Consolidated PDF and Markdown ingestion and chunking implementations

Instead of sending PDF input documents through Docling and using something custom for Markdown, we now send both types of documents through Docling and have consolidated the chunking implementation across both document types. This may result in different chunks being generated for markdown content compared to previous releases.

Added a new `instructlab.sdg.mix_datasets` Python API

We've added a new Python API for advanced users that need to re-mix our generated outputs, for example to weight one taxonomy leaf node over others in the output or to have more than our default of 30 skill samples per leaf node in the final mixed output.
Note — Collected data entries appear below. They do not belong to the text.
(* Let $\mathcal{D}=\{(\mathbf{x}_1,y_1),\ldots,(\mathbf{x}_n,y_n)\}$, $\mathbf{x}_i\in\mathbb{R}^d$, $1\le m<n$, $\mathcal{D}_m=\{(\mathbf{x}_{n-m+1},y_{n-m+1}),\ldots,(\mathbf{x}_n,y_n)\}$. Let $\ell$ be a convex loss, differentiable everywhere, twice differentiable in its first argument, and $\lambda>0$. For a dataset $S$ let $L(\mathbf{w};S)=\sum_{(\mathbf{x},y)\in S}\ell(\mathbf{w}^\top\mathbf{x},y)+\frac{\lambda|S|}{2}\|\mathbf{w}\|_2^2$. Let $\mathbf{w}^*=\arg\min L(\cdot;\mathcal{D})$, $$\Delta^{(m)}=m\lambda\mathbf{w}^*+\sum_{j=n-m+1}^n\nabla\ell((\mathbf{w}^* )^\top\mathbf{x}_j,y_j),\quad H^{(m)}_{\mathbf{w}^*}=\nabla^2L(\mathbf{w}^*;\mathcal{D}\setminus\mathcal{D}_m),\quad \mathbf{w}^{(-m)}=\mathbf{w}^*+\big[H^{(m)}_{\mathbf{w}^*}\big]^{-1}\Delta^{(m)}.$$ Suppose that $\|\nabla\ell(\mathbf{w}^\top\mathbf{x}_i,y_i)\|_2\le C$ for all $(\mathbf{x}_i,y_i)\in\mathcal{D}$ and $\mathbf{w}\in\mathbb{R}^d$, that $\ell''$ is $\gamma$-Lipschitz, and that $\|\mathbf{x}_i\|_2\le1$ for all $i$. Then $$\|\nabla L(\mathbf{w}^{(-m)};\mathcal{D}\setminus\mathcal{D}_m)\|_2\le\gamma(n-m)\Big\|\big[H^{(m)}_{\mathbf{w}^*}\big]^{-1}\Delta^{(m)}\Big\|_2^2\le\frac{4\gamma m^2C^2}{\lambda^2(n-m)}.$$
   Context: Gradients/Hessians are with respect to $\mathbf{w}$; $\ell''$ is the second derivative of $\ell$ in its first argument. *)

From HB Require Import structures.
From mathcomp Require Import all_boot all_order all_algebra.
From mathcomp Require Import all_classical all_reals all_analysis.
Set Implicit Arguments. Unset Strict Implicit. Unset Printing Implicit Defensive.
Import Order.TTheory GRing.Theory Num.Theory.
Import numFieldNormedType.Exports.
Local Open Scope ring_scope.

Section Defs.
Variable R : realType.

Definition dotv (d : nat) (u v : 'cV[R]_d) : R := \sum_(k < d) u k 0 * v k 0.
Definition norm2 (d : nat) (v : 'cV[R]_d) : R := Num.sqrt (dotv v v).

Definition basisv (d : nat) (k : 'I_d) : 'cV[R]_d := delta_mx k 0.

Definition grad (d : nat) (f : 'cV[R]_d -> R) (w : 'cV[R]_d) : 'cV[R]_d :=
  \col_(k < d) 'D_(basisv k) f w.
Definition hess (d : nat) (f : 'cV[R]_d -> R) (w : 'cV[R]_d) : 'M[R]_d :=
  \matrix_(k < d, j < d) 'D_(basisv j) (fun u => 'D_(basisv k) f u) w.

Definition dl1 (l : R -> R -> R) (z y : R) : R := derive1 (fun t => l t y) z.
Definition dl2 (l : R -> R -> R) (z y : R) : R := derive1 (fun t => dl1 l t y) z.

Definition loss_convex (l : R -> R -> R) : Prop :=
  forall (y z1 z2 t : R), 0 <= t <= 1 ->
    l (t * z1 + (1 - t) * z2) y <= t * l z1 y + (1 - t) * l z2 y.

Definition regL (n d : nat) (l : R -> R -> R) (lam : R)
    (x : 'I_n -> 'cV[R]_d) (y : 'I_n -> R) (S : {set 'I_n}) (w : 'cV[R]_d) : R :=
  \sum_(i in S) l (dotv w (x i)) (y i) + lam * (#|S|%:R) / 2 * norm2 w ^+ 2.

End Defs.

(* The gradient of L(.;S) is g_S(w) = sum_(i in S) l'(w^T x_i) x_i + lam |S| w and its Hessian
   is H_S(w) = sum_(i in S) l''(w^T x_i) x_i x_i^T + lam |S| I; convexity of l gives l'' >= 0,
   hence H_S(w) >= lam |S| I. Write u for the minimiser w^*. As g_D = g_(D\D_m) + g_(D_m)
   vanishes at u and Delta = g_(D_m)(u), the vector v = H^-1 Delta is a Newton step for
   g_(D\D_m) from u, so g_(D\D_m)(u + v) = g(u + v) - g(u) - H v = sum_i r_i x_i, where the
   mean value theorem and the gamma-Lipschitz continuity of l'' give
   |r_i| <= gamma (v^T x_i)^2 <= gamma ||v||^2. For the second bound,
   lam (n - m) ||v|| <= ||H v|| = ||Delta|| <= 2 m C, because g_D(u) = 0 forces
   lam ||u|| <= C. *)

From HB Require Import structures.
From mathcomp Require Import all_boot all_order all_algebra.
From mathcomp Require Import all_classical all_reals all_analysis.
From mathcomp Require Import ring lra.
Set Implicit Arguments. Unset Strict Implicit. Unset Printing Implicit Defensive.
Import Order.TTheory GRing.Theory Num.Theory.
Import numFieldNormedType.Exports.
Local Open Scope ring_scope.

Section Euclidean.
Variables (R : realType) (d : nat).
Implicit Types (u v w : 'cV[R]_d) (a : R) (A : 'M[R]_d).

Lemma dotvC u v : dotv u v = dotv v u.
Proof. by apply: eq_bigr => k _; rewrite mulrC. Qed.

Lemma dotvDl u v w : dotv (u + v) w = dotv u w + dotv v w.
Proof. by rewrite /dotv -big_split; apply: eq_bigr => k _; rewrite mxE mulrDl. Qed.

Lemma dotvZl a u w : dotv (a *: u) w = a * dotv u w.
Proof. by rewrite /dotv mulr_sumr; apply: eq_bigr => k _; rewrite mxE mulrA. Qed.

Lemma dotvNl u w : dotv (- u) w = - dotv u w.
Proof. by rewrite -scaleN1r dotvZl mulN1r. Qed.

Lemma dotvDr u v w : dotv w (u + v) = dotv w u + dotv w v.
Proof. by rewrite !(dotvC w) dotvDl. Qed.

Lemma dotvZr a u w : dotv w (a *: u) = a * dotv w u.
Proof. by rewrite !(dotvC w) dotvZl. Qed.

Lemma dotvNr u w : dotv w (- u) = - dotv w u.
Proof. by rewrite !(dotvC w) dotvNl. Qed.

Lemma dotv0l w : dotv 0 w = 0.
Proof. by rewrite /dotv big1 // => k _; rewrite mxE mul0r. Qed.

Lemma dotv_sumr (I : finType) (P : pred I) (F : I -> 'cV[R]_d) w :
  dotv w (\sum_(i | P i) F i) = \sum_(i | P i) dotv w (F i).
Proof.
rewrite /dotv exchange_big /=; apply: eq_bigr => k _.
by rewrite summxE mulr_sumr.
Qed.

Lemma dotv_mx u v : dotv u v = (u^T *m v) 0 0.
Proof. by rewrite /dotv mxE; apply: eq_bigr => k _; rewrite mxE. Qed.

Lemma dotv_basisl (k : 'I_d) u : dotv (basisv R k) u = u k 0.
Proof.
rewrite /dotv (bigD1 k) //= big1 ?addr0; first by rewrite /basisv mxE !eqxx mul1r.
by move=> j jk; rewrite /basisv mxE (negbTE jk) mul0r.
Qed.

Lemma dotvv_ge0 u : 0 <= dotv u u.
Proof. by rewrite /dotv sumr_ge0 // => k _; rewrite -expr2 sqr_ge0. Qed.

Lemma dotvv_eq0 u : (dotv u u == 0) = (u == 0).
Proof.
apply/idP/eqP => [|->]; last by rewrite dotv0l.
rewrite /dotv psumr_eq0 => [/allP u0|k _]; last by rewrite -expr2 sqr_ge0.
apply/matrixP => i j; rewrite (ord1 j) !mxE.
by have /implyP/(_ isT) := u0 i (mem_index_enum i); rewrite -expr2 sqrf_eq0 => /eqP.
Qed.

Lemma norm2_ge0 u : 0 <= norm2 u.
Proof. exact: sqrtr_ge0. Qed.

Lemma norm2_sqr u : norm2 u ^+ 2 = dotv u u.
Proof. by rewrite sqr_sqrtr // dotvv_ge0. Qed.

Lemma norm2N u : norm2 (- u) = norm2 u.
Proof. by rewrite /norm2 dotvNl dotvNr opprK. Qed.

Lemma norm2Z a u : norm2 (a *: u) = `|a| * norm2 u.
Proof.
by rewrite /norm2 dotvZl dotvZr mulrA -expr2 sqrtrM ?sqr_ge0 // sqrtr_sqr.
Qed.

Lemma sqr_dotv_le u v : dotv u v ^+ 2 <= dotv u u * dotv v v.
Proof.
have [/eqP v0|v0] := eqVneq (dotv v v) 0.
  by move: v0; rewrite dotvv_eq0 => /eqP ->; rewrite dotvC !dotv0l mulr0 expr0n.
have vv_gt0 : 0 < dotv v v by rewrite lt_def v0 dotvv_ge0.
have := dotvv_ge0 (dotv v v *: u - dotv u v *: v).
rewrite !(dotvDl, dotvDr, dotvNl, dotvNr, dotvZl, dotvZr) (dotvC v u) => H.
have : 0 <= dotv v v * (dotv u u * dotv v v - dotv u v ^+ 2) by nra.
by rewrite pmulr_rge0 // subr_ge0.
Qed.

Lemma dotv_le u v : `|dotv u v| <= norm2 u * norm2 v.
Proof.
rewrite -ler_sqr ?nnegrE ?mulr_ge0 ?norm2_ge0 //.
by rewrite real_normK ?num_real // exprMn !norm2_sqr sqr_dotv_le.
Qed.

Lemma norm2D_le u v : norm2 (u + v) <= norm2 u + norm2 v.
Proof.
rewrite -ler_sqr ?nnegrE ?addr_ge0 ?norm2_ge0 //.
rewrite sqrrD !norm2_sqr !(dotvDl, dotvDr) (dotvC v u).
by have := dotv_le u v; have := ler_norm (dotv u v); lra.
Qed.

Lemma norm2_sum_le (I : finType) (P : pred I) (F : I -> 'cV[R]_d) :
  norm2 (\sum_(i | P i) F i) <= \sum_(i | P i) norm2 (F i).
Proof.
elim/big_ind2: _ => [|a u b v ua vb|//]; first by rewrite /norm2 dotv0l sqrtr0.
exact: le_trans (norm2D_le u v) (lerD ua vb).
Qed.

Lemma unitmx_posdef A : (forall u, u != 0 -> 0 < dotv u (A *m u)) -> A \in unitmx.
Proof.
move=> A_pos; rewrite unitmxE unitfE; apply/negP => /det0P[r r0 rA].
have := A_pos r^T; rewrite trmx_eq0 dotv_mx trmxK mulmxA rA mul0mx mxE ltxx.
by move/(_ r0).
Qed.

Lemma norm2_mulmx_ge A c u :
  c * dotv u u <= dotv u (A *m u) -> c * norm2 u <= norm2 (A *m u).
Proof.
rewrite -norm2_sqr => quad.
have [->|u_gt0] := eqVneq (norm2 u) 0; first by rewrite mulr0 norm2_ge0.
have u_pos : 0 < norm2 u by rewrite lt_def u_gt0 norm2_ge0.
rewrite -(ler_pM2l u_pos) mulrCA -expr2.
apply: le_trans quad (le_trans (ler_norm _) (dotv_le _ _)).
Qed.

End Euclidean.

Section Directional.
Variables (R : realType) (V : normedModType R).

Lemma derive_line {W : normedModType R} (F : V -> W) (w e : V) :
  'D_e F w = 'D_1 (fun h : R => F (h *: e + w)) 0.
Proof.
rewrite /derive; set g1 := fun h => h^-1 *: _; set g2 := fun h => h^-1 *: _.
suff -> : g1 = g2 by [].
by apply/funext => h; rewrite /g1 /g2 /= addr0 scale0r add0r [_%:A]mulr1.
Qed.

Lemma is_derive_lineP {W : normedModType R} (F : V -> W) (w e : V) (D : W) :
  is_derive w e F D <-> is_derive (0 : R) 1 (fun h : R => F (h *: e + w)) D.
Proof.
split=> -[dF DF]; apply: DeriveDef.
- exact: (derivable1P F w e).1 dF.
- by rewrite -derive_line.
- exact: (derivable1P F w e).2 dF.
- by rewrite derive_line.
Qed.

Lemma is_derive_bigsum {W : normedModType R} (I : finType) (P : pred I)
    (F : I -> V -> W) (dF : I -> W) (w e : V) :
  (forall i, is_derive w e (F i) (dF i)) ->
  is_derive w e (fun u => \sum_(i | P i) F i u) (\sum_(i | P i) dF i).
Proof.
move=> FdF; rewrite -fct_sumE.
elim/big_ind2: _ => [|F1 D1 F2 D2 FD1 FD2|//]; first exact: is_derive_cst.
exact: is_deriveD.
Qed.

Lemma derive_eq0_at_min (F : V -> R) (w e : V) :
  (forall u, derivable F u e) -> (forall u, F w <= F u) -> 'D_e F w = 0.
Proof.
move=> dF Fmin; rewrite derive_line.
suff [] : is_derive (0 : R) 1 (fun h : R => F (h *: e + w)) 0 by [].
apply: (@derive1_at_min _ _ (-1) 1).
- lra.
- move=> t _; apply: (derivable1P _ t 1).2.
  have -> : (fun h : R => F ((h *: 1 + t) *: e + w)) = (fun h => F (h *: e + (t *: e + w))).
    by apply/funext => h; rewrite [h *: 1]mulr1 scalerDl addrA.
  exact: (derivable1P F _ e).1 (dF _).
- by rewrite in_itv /=; lra.
- by move=> t _; rewrite scale0r add0r.
Qed.

End Directional.

Lemma is_derive1_dir {R : realType} (g : R -> R) (z c dg : R) :
  is_derive z 1 g dg -> is_derive z c g (c * dg).
Proof.
move=> [dg1 <-]; have gz : differentiable g z by apply/derivable1_diffP.
apply: DeriveDef; first exact: diff_derivable.
by rewrite deriveE // diff1E // derive1E.
Qed.

Section GradHess.
Variables (R : realType) (d : nat).
Implicit Types (u w e a : 'cV[R]_d).

Lemma is_derive_comp_dotv (g : R -> R) (dg : R) a w e :
  is_derive (dotv w a) 1 g dg -> is_derive w e (fun u => g (dotv u a)) (dg * dotv e a).
Proof.
move=> /(@is_derive1_dir _ g _ (dotv e a)) gdg; apply: (is_derive_lineP _ w e _).2.
have -> : (fun h : R => g (dotv (h *: e + w) a)) = (fun h => g (h *: dotv e a + dotv w a)).
  by apply/funext => h; rewrite dotvDl dotvZl.
by rewrite mulrC; apply: (is_derive_lineP g _ _ _).1.
Qed.

Lemma is_derive_dotvv w e : is_derive w e (fun u => dotv u u) (2 * dotv e w).
Proof.
apply: (is_derive_lineP _ w e _).2.
pose p : {poly R} := dotv e e *: 'X^2 + (2 * dotv e w) *: 'X + (dotv w w)%:P.
have -> : (fun h : R => dotv (h *: e + w) (h *: e + w)) = horner p.
  apply/funext => h; rewrite /p !hornerE !(dotvDl, dotvDr, dotvZl, dotvZr) (dotvC w e) /=.
  ring.
have [p0 Dp] := is_derive_poly p 0; apply: DeriveDef => //.
by rewrite Dp /p !(derivD, derivZ, derivXn, derivX, derivC) !hornerE /=; ring.
Qed.

Lemma grad_is_derive (f : 'cV[R]_d -> R) w (g : 'cV[R]_d) :
  (forall e, is_derive w e f (dotv e g)) -> grad f w = g.
Proof.
move=> fg; apply/matrixP => k j; rewrite (ord1 j) mxE.
by have [_ ->] := fg (basisv R k); rewrite dotv_basisl.
Qed.

Lemma hess_is_derive (f : 'cV[R]_d -> R) (G : 'cV[R]_d -> 'cV[R]_d) w (M : 'M[R]_d) :
  (forall u e, is_derive u e f (dotv e (G u))) ->
  (forall k e, is_derive w e (fun u => G u k 0) ((M *m e) k 0)) ->
  hess f w = M.
Proof.
move=> fG GM; apply/matrixP => k j; rewrite mxE.
have -> : (fun u => 'D_(basisv R k) f u) = (fun u => G u k 0).
  by apply/funext => u; have [_ ->] := fG u (basisv R k); rewrite dotv_basisl.
by have [_ ->] := GM k (basisv R j); rewrite /basisv -colE mxE.
Qed.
See the example at docs/examples/mix_datasets/ for some example Python code and Recipe yaml files to accomplish this.

Breaking Changes

Pipeline configs and Prompt templates switched to Jinja

All of our Pipeline config yamls and prompt template files have moved to Jinja templates instead of Python string format() calls. This brings more expressiveness into our templating language - especially for prompt templates - but does mean any variable substitutions need to be updated from single brackets to double brackets - ie {document} becomes {{document}}. This only impacts you if you were using custom pipeline config yaml files or custom prompt templates in your config blocks.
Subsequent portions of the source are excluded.